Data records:
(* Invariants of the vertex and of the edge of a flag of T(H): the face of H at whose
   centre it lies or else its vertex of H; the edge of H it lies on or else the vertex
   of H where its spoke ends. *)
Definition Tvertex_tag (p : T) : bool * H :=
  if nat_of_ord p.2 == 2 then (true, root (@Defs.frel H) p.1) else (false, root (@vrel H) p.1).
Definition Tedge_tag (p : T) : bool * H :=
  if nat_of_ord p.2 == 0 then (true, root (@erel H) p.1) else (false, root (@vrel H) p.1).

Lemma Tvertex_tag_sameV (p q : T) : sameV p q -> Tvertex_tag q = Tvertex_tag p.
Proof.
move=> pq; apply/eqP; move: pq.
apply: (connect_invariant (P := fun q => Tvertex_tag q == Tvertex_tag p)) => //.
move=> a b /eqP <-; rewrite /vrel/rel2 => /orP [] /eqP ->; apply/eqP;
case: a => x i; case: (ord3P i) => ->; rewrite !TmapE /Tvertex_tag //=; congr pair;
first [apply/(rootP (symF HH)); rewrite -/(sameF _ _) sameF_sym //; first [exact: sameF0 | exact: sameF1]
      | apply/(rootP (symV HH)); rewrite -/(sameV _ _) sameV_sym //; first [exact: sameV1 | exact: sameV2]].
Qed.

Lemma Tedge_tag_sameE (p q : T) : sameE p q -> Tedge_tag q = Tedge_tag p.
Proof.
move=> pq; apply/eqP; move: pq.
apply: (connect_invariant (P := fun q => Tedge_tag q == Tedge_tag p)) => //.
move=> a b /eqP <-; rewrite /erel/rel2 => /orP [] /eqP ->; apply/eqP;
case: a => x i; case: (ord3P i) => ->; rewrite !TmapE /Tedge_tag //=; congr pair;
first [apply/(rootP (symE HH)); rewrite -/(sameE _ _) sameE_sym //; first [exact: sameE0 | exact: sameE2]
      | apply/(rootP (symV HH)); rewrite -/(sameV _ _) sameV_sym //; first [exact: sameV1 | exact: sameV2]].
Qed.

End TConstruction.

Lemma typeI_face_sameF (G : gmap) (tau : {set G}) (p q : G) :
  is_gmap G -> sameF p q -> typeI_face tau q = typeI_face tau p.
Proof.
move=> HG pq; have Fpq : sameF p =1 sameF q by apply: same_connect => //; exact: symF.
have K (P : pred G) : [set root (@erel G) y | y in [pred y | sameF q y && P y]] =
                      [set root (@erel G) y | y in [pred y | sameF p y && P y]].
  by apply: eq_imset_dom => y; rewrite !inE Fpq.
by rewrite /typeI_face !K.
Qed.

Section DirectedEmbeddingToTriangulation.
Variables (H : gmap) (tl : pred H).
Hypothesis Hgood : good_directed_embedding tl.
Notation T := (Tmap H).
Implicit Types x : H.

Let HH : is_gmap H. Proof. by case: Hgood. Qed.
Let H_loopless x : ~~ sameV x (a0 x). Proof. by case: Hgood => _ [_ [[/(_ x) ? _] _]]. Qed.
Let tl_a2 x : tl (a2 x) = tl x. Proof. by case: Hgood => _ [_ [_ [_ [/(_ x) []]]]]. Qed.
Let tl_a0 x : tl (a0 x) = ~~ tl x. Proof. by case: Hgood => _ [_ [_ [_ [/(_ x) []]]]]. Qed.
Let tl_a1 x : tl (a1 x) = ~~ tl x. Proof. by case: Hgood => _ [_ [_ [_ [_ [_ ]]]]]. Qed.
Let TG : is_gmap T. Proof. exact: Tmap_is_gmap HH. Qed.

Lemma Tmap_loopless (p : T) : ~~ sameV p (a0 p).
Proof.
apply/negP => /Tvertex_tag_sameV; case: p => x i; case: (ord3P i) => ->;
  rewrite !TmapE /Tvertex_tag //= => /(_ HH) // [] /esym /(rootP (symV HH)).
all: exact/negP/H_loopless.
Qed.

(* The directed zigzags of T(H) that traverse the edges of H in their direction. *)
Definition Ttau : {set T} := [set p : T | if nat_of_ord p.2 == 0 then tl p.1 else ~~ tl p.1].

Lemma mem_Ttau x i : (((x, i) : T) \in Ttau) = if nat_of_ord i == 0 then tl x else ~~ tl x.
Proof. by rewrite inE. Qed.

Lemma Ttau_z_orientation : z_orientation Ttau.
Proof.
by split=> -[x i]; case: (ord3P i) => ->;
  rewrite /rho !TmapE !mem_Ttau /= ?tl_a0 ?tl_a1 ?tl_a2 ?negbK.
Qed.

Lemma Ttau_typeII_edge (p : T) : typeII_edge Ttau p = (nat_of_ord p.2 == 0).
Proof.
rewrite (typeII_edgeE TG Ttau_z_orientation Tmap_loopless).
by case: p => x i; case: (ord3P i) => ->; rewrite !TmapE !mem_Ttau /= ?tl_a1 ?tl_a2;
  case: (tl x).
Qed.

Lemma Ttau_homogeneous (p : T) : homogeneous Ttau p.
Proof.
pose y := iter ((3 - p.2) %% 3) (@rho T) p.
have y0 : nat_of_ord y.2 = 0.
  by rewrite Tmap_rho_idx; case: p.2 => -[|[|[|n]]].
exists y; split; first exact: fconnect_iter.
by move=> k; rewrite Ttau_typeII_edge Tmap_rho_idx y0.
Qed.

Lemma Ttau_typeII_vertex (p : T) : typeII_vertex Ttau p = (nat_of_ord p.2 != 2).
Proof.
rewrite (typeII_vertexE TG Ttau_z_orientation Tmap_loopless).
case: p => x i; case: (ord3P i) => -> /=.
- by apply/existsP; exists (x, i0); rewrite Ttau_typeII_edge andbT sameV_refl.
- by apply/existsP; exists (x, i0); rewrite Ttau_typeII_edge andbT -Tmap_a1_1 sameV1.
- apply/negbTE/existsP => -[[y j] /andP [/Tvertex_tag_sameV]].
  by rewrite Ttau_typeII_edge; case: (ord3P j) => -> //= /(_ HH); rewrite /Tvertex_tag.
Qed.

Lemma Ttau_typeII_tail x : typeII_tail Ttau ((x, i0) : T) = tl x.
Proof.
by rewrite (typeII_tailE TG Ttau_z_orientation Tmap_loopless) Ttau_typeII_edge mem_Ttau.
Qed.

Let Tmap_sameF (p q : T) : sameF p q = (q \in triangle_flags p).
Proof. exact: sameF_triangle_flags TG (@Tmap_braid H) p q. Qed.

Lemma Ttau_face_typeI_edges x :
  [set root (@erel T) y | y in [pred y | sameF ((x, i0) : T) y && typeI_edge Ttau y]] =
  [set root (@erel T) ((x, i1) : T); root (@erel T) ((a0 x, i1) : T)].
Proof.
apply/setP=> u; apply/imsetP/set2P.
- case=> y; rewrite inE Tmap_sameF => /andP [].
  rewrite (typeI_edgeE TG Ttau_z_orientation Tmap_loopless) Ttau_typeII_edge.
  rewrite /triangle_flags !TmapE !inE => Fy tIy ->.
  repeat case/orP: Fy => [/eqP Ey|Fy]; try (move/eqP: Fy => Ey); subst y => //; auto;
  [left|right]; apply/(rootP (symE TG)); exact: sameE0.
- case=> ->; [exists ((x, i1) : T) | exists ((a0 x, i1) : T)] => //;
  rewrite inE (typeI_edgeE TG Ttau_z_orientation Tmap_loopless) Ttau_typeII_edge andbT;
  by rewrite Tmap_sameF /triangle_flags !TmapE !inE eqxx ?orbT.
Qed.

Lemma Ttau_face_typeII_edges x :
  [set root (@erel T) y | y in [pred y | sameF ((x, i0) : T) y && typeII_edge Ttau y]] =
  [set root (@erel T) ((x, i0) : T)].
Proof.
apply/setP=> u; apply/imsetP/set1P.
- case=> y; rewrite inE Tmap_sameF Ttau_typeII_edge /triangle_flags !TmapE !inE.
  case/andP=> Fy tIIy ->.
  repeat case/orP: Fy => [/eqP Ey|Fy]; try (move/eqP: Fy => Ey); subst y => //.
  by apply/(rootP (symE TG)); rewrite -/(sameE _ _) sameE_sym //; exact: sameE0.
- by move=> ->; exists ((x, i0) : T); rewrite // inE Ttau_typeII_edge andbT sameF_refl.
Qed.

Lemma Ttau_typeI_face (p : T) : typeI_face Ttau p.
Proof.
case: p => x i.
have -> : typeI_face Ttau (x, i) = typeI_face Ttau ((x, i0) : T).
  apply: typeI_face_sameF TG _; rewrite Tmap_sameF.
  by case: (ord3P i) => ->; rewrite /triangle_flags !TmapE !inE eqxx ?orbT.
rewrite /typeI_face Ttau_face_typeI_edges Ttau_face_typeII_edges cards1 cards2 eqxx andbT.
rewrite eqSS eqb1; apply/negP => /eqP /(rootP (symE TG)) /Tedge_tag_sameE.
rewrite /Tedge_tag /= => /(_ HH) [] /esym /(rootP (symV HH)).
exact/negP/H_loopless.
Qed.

...

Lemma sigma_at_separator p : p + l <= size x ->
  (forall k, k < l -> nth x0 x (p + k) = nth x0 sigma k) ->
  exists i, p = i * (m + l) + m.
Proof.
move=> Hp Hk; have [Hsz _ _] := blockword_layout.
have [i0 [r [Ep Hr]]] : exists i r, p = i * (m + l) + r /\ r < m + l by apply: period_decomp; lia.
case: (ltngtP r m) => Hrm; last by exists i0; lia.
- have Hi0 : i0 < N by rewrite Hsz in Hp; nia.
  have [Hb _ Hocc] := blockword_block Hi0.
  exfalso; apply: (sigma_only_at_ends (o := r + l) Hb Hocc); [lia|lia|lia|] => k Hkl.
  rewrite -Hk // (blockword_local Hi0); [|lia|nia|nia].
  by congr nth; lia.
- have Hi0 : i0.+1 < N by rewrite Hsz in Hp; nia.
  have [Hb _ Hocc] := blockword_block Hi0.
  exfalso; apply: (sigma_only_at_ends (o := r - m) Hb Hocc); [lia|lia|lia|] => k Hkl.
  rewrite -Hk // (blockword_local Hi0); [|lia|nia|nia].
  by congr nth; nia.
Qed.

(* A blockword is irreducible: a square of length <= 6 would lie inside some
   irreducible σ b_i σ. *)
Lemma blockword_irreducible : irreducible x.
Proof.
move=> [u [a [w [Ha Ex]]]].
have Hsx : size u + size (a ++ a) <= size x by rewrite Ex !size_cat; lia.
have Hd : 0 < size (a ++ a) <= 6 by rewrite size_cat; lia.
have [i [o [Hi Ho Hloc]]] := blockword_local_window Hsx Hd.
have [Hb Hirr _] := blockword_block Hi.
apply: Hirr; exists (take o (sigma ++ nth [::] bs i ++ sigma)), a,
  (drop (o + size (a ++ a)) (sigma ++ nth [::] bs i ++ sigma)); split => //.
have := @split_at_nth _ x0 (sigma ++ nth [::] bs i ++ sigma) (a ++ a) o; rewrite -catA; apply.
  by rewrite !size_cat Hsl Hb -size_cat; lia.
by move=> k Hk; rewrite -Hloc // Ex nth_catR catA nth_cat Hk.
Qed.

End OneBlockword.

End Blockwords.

§ What the exercise asks: Copy all lines from the data above that contain the word "subst".

§ Worked solution:
  repeat case/orP: Fy => [/eqP Ey|Fy]; try (move/eqP: Fy => Ey); subst y => //; auto;
  repeat case/orP: Fy => [/eqP Ey|Fy]; try (move/eqP: Fy => Ey); subst y => //.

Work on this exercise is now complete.